DIRE DAWA STATION



Gallery N°11 : Dire Dawa station (C.F.E. period)

Gallery N°12 : Dire Dawa station (C.D.E. period)

Faced with considerable technical difficulties during construction, the Line would not go through Harrar as had been expected.

Emperor Menelik authorised the building of the first section's terminus at Addis-Harrar, which was reached in December 1902. In order to avoid confusion between Addis Ababa and Addis Harrar, the engineers of the Company named the station "Dire Daouah", after a neighbouring village.

During the Italian occupation the local Italian government decreed that signs at all stations on the Ethiopian line bore the Italian versions of their names.

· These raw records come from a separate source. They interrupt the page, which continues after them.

(* The set $\mathcal C=(0,\infty)\times\mathbb R$ is an invariant control set for the system (N).
   Context: Fix $\delta\in\mathbb R$, $\gamma>0$, $D>0$. System (N): $d\xi=-\xi^4\eta\,dt$, $d\eta=(\delta\xi+2\xi^3\eta^2-\gamma\xi^4\eta)dt+\sqrt{2D}\,dW$. Associated control problem: $\dot z_1=-z_1^4z_2$, $\dot z_2=\delta z_1+2z_1^3z_2^2-\gamma z_1^4z_2+\sqrt{2D}\,u(t)$ with smooth admissible controls $u:[0,\infty)\to\mathbb R$. For $(\xi,\eta)\in\mathbb R^2$ and $T>0$, $\mathcal O(T,\xi,\eta)$ is the set of points $(z_1(T),z_2(T))$ reachable at time $T$ by a solution of the control problem starting from $(\xi,\eta)$, and $\mathcal O(\xi,\eta)=\bigcup_{T>0}\mathcal O(T,\xi,\eta)$. A nonempty set $\mathcal C\subset\mathbb R^2$ is an invariant control set for (N) if $\overline{\mathcal C}=\overline{\mathcal O(\xi,\eta)}$ for all $(\xi,\eta)\in\mathcal C$ and $\mathcal C$ is maximal with respect to inclusion among sets with this property. *)

From Stdlib Require Import Reals.
Open Scope R_scope.

Definition set2 := R -> R -> Prop.

Definition smooth (u : R -> R) : Prop :=
  exists f : nat -> R -> R,
    f O = u /\ forall (n : nat) (x : R), derivable_pt_lim (f n) x (f (S n) x).

Definition ctrl_solution (delta gamma D : R) (u : R -> R) (T : R)
    (z1 z2 : R -> R) : Prop :=
  forall t, 0 <= t <= T ->
    derivable_pt_lim z1 t (- (z1 t) ^ 4 * z2 t) /\
    derivable_pt_lim z2 t
      (delta * z1 t + 2 * (z1 t) ^ 3 * (z2 t) ^ 2
       - gamma * (z1 t) ^ 4 * z2 t + sqrt (2 * D) * u t).

Definition reach_T (delta gamma D T xi eta : R) : set2 :=
  fun p q => exists (u : R -> R) (z1 z2 : R -> R),
    smooth u /\ ctrl_solution delta gamma D u T z1 z2 /\
    z1 0 = xi /\ z2 0 = eta /\ z1 T = p /\ z2 T = q.

Definition reach (delta gamma D xi eta : R) : set2 :=
  fun p q => exists T, 0 < T /\ reach_T delta gamma D T xi eta p q.

(* Closure in R^2 (Euclidean topology, expressed with the max-norm). *)
Definition closure2 (S : set2) : set2 :=
  fun p q => forall eps, 0 < eps ->
    exists a b, S a b /\ Rabs (p - a) < eps /\ Rabs (q - b) < eps.

Definition set2_eq (A B : set2) : Prop := forall p q, A p q <-> B p q.
Definition set2_sub (A B : set2) : Prop := forall p q, A p q -> B p q.

Definition ctrl_prop (delta gamma D : R) (C : set2) : Prop :=
  forall xi eta, C xi eta ->
    set2_eq (closure2 C) (closure2 (reach delta gamma D xi eta)).

Definition invariant_control_set (delta gamma D : R) (C : set2) : Prop :=
  (exists xi eta, C xi eta) /\
  ctrl_prop delta gamma D C /\
  (forall C' : set2, (exists xi eta, C' xi eta) -> ctrl_prop delta gamma D C' ->
     set2_sub C C' -> set2_sub C' C).

(** Controllability of the half-plane: writing [z1 = exp (-b)] and
    [z2 = b' exp (3 b)] for any smooth [b] solves [z1' = - z1^4 z2], and the
    control is then read off from the equation for [z2']; a cubic [b]
    interpolates any initial and final data with [z1 > 0] in time 1.
    Invariance of the sign of [z1]: [z1' = a z1] with [|a| = |z1^3 z2| <= K]
    on [0, T], so [z1^2 exp (-2 K t)] decreases and [z1^2 exp (2 K t)]
    increases; hence [z1 = 0] is invariant and [z1 > 0] is never left.
    Thus every orbit from [z1 > 0] is dense in the closed half-plane, while
    orbits from [z1 = 0] stay on the axis, which forbids any larger set. *)

From Stdlib Require Import Reals Ranalysis5 Lra Psatz.
Open Scope R_scope.

(* Expressions in one variable closed under differentiation: their values are
   smooth functions. *)
Inductive term :=
  | TConst (r : R) | TVar | TAdd (e1 e2 : term) | TMul (e1 e2 : term)
  | TExp (e : term).
Definition has_cp (C : numClosedFieldType) (m n : nat) (r : nat) (A : tensor C m n) :=
  exists U : 'I_r -> 'I_m -> 'I_n -> C, A = cp_sum U.
Definition has_sym (C : numClosedFieldType) (m n : nat) (r : nat) (A : tensor C m n) :=
  exists u : 'I_r -> 'I_n -> C, A = sym_sum m u.
Definition has_border (C : numClosedFieldType) (m n : nat) (r : nat) (A : tensor C m n) :=
  exists U : nat -> 'I_r -> 'I_m -> 'I_n -> C, tensor_limit (fun k => cp_sum (U k)) A.
Definition has_sym_border (C : numClosedFieldType) (m n : nat) (r : nat) (A : tensor C m n) :=
  exists u : nat -> 'I_r -> 'I_n -> C, tensor_limit (fun k => sym_sum m (u k)) A.
Definition has_vand (C : numClosedFieldType) (m n : nat) (r : nat) (A : tensor C m n) :=
  exists a b : 'I_r -> C, A = vand_sum m n a b.

Definition is_least (P : nat -> Prop) (R : nat) : Prop :=
  P R /\ forall r, P r -> (R <= r)%N.

Definition rank_is (C : numClosedFieldType) m n (A : tensor C m n) R := is_least (fun r => has_cp r A) R.
Definition srank_is (C : numClosedFieldType) m n (A : tensor C m n) R := is_least (fun r => has_sym r A) R.
Definition brank_is (C : numClosedFieldType) m n (A : tensor C m n) R := is_least (fun r => has_border r A) R.
Definition sbrank_is (C : numClosedFieldType) m n (A : tensor C m n) R := is_least (fun r => has_sym_border r A) R.
Definition vrank_is (C : numClosedFieldType) m n (A : tensor C m n) R := is_least (fun r => has_vand r A) R.
(* Let $n\in\mathbb N\cup\{\omega\}$, $P$ an $n$-polygraph and $u$ a cell of $P^*$. There exist a finite $n$-polygraph $\tilde P$ (with finitely many generators in total), a monomorphism $F\colon\tilde P\to P$ of polygraphs and a cell $\tilde u$ of $\tilde P^*$ such that $F^*(\tilde u)=u$ and $\mathrm{supp}(\tilde u)=\bigsqcup_k\tilde P_k$.
   Context: An $n$-precategory is an $n$-globular set with identities $1_u$ and compositions $u\ast_iv$ satisfying the axioms of strict $n$-categories except the interchange law. An $n$-polygraph $P$ consists of sets $P_k$ of $k$-generators with globular sources and targets in the free precategory on lower generators; $P^*$ is the free $n$-precategory it generates, generators being identified with cells; morphisms are generator-wise maps compatible with sources/targets, inducing $F^*\colon P^*\to Q^*$. The support $\mathrm{supp}(u)\subseteq\bigsqcup_kP_k$ of a cell is defined inductively: $\mathrm{supp}(g)=\{g\}$ for $g\in P_0$; $\mathrm{supp}(g)=\{g\}\cup\mathrm{supp}(s(g))\cup\mathrm{supp}(t(g))$ for a generator $g\in P_{k+1}$; $\mathrm{supp}(1_{u'})=\mathrm{supp}(u')$; $\mathrm{supp}(u_1\ast_iu_2)=\mathrm{supp}(u_1)\cup\mathrm{supp}(u_2)$. *)

From Stdlib Require Import Arith List.

(* n in N u {omega}: [Some m] is the natural number m, [None] is omega. *)
Definition le_inf (k : nat) (n : option nat) : Prop :=
  match n with None => True | Some m => k <= m end.

Inductive term (G : Type) : Type :=
| Gen  : G -> term G
| Id   : term G -> term G
| Comp : nat -> term G -> term G -> term G.

Arguments Gen {G} _.
Arguments Id {G} _.
Arguments Comp {G} _ _ _.

Fixpoint map_term {G H : Type} (f : G -> H) (t : term G) : term H :=
  match t with
  | Gen g => Gen (f g)
  | Id t' => Id (map_term f t')
  | Comp i t1 t2 => Comp i (map_term f t1) (map_term f t2)
  end.

Definition idn {G : Type} (m : nat) (t : term G) : term G := Nat.iter m (@Id G) t.

Section FreePrecategory.
Variable G : Type.
Variable gdim : G -> nat.
Variable gsrc gtgt : G -> term G.

Fixpoint srcT (k : nat) (t : term G) : term G :=
  match t with
  | Gen g => gsrc g
  | Id t' => t'
  | Comp i t1 t2 => if Nat.eqb (S i) k then srcT k t1
                    else Comp i (srcT k t1) (srcT k t2)
  end.

Fixpoint tgtT (k : nat) (t : term G) : term G :=
  match t with
  | Gen g => gtgt g
  | Id t' => t'
  | Comp i t1 t2 => if Nat.eqb (S i) k then tgtT k t2
                    else Comp i (tgtT k t1) (tgtT k t2)
  end.

(* m-fold iterated source / target of a k-cell; the i-source s_i of a
   k-cell t is [srcN (k - i) k t]. *)
Fixpoint srcN (m k : nat) (t : term G) : term G :=
  match m with 0 => t | S m' => srcN m' (pred k) (srcT k t) end.
Fixpoint tgtN (m k : nat) (t : term G) : term G :=
  match m with 0 => t | S m' => tgtN m' (pred k) (tgtT k t) end.

(* [wf k t] : t denotes a k-cell of the free precategory;
   [eqv k t t'] : t and t' denote the same k-cell (the congruence generated
   by the axioms of precategories: associativity, units, functoriality of
   identities w.r.t. composition; no interchange law). *)
Inductive wf : nat -> term G -> Prop :=
| wf_gen : forall g, wf (gdim g) (Gen g)
| wf_id : forall k t, wf k t -> wf (S k) (Id t)
| wf_comp : forall k i t1 t2, i < k -> wf k t1 -> wf k t2 ->
    eqv i (tgtN (k - i) k t1) (srcN (k - i) k t2) -> wf k (Comp i t1 t2)
with eqv : nat -> term G -> term G -> Prop :=
| eqv_refl : forall k t, wf k t -> eqv k t t
| eqv_sym : forall k t t', eqv k t t' -> eqv k t' t
| eqv_trans : forall k t t' t'', eqv k t t' -> eqv k t' t'' -> eqv k t t''
| eqv_id : forall k t t', eqv k t t' -> eqv (S k) (Id t) (Id t')
| eqv_comp : forall k i t1 t1' t2 t2', i < k -> eqv k t1 t1' -> eqv k t2 t2' ->
    eqv i (tgtN (k - i) k t1) (srcN (k - i) k t2) ->
    eqv k (Comp i t1 t2) (Comp i t1' t2')
| eqv_assoc : forall k i t1 t2 t3,
    wf k (Comp i (Comp i t1 t2) t3) -> wf k (Comp i t1 (Comp i t2 t3)) ->
    eqv k (Comp i (Comp i t1 t2) t3) (Comp i t1 (Comp i t2 t3))
| eqv_unitl : forall k i t, i < k -> wf k t ->
    eqv k (Comp i (idn (k - i) (srcN (k - i) k t)) t) t
| eqv_unitr : forall k i t, i < k -> wf k t ->
    eqv k (Comp i t (idn (k - i) (tgtN (k - i) k t))) t
| eqv_idcomp : forall k i t1 t2, wf k (Comp i t1 t2) ->
    eqv (S k) (Id (Comp i t1 t2)) (Comp i (Id t1) (Id t2)).

Inductive supp : term G -> G -> Prop :=
| supp_gen : forall g, supp (Gen g) g
| supp_gsrc : forall g h, 0 < gdim g -> supp (gsrc g) h -> supp (Gen g) h
| supp_gtgt : forall g h, 0 < gdim g -> supp (gtgt g) h -> supp (Gen g) h
| supp_id : forall t h, supp t h -> supp (Id t) h
| supp_compl : forall i t1 t2 h, supp t1 h -> supp (Comp i t1 t2) h
| supp_compr : forall i t1 t2 h, supp t2 h -> supp (Comp i t1 t2) h.

End FreePrecategory.

Arguments srcT {G} gsrc _ _.
Arguments wf {G} gdim gsrc gtgt _ _.
Arguments eqv {G} gdim gsrc gtgt _ _ _.
Arguments supp {G} gdim gsrc gtgt _ _.
Arguments tgtT {G} gtgt _ _.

Therefore Dire-Dawa became known as "Dire-Daua". The British called it Dire Dawa, but on the front wall of the station the name still appears with its original French spelling of "Dire Daoua".

Originally built as a wooden structure, like the workshops, the station was demolished and rebuilt in 1910.

At the Dire Dawa complex were:

- Technical installations.
- General workshops: forge, foundry, boilerworks, carpentry…
- A diesel centre.
- Technical offices.
- An equipment depot.
- A supply warehouse.
- A service and repair area for passenger carriages and freight trucks.
- The Company hospital, for use by all the Company workers and their families.
- A nursing training centre for all the station dispensaries.
- A training centre for the use of all equipment.
- A technical training centre for the Company personnel.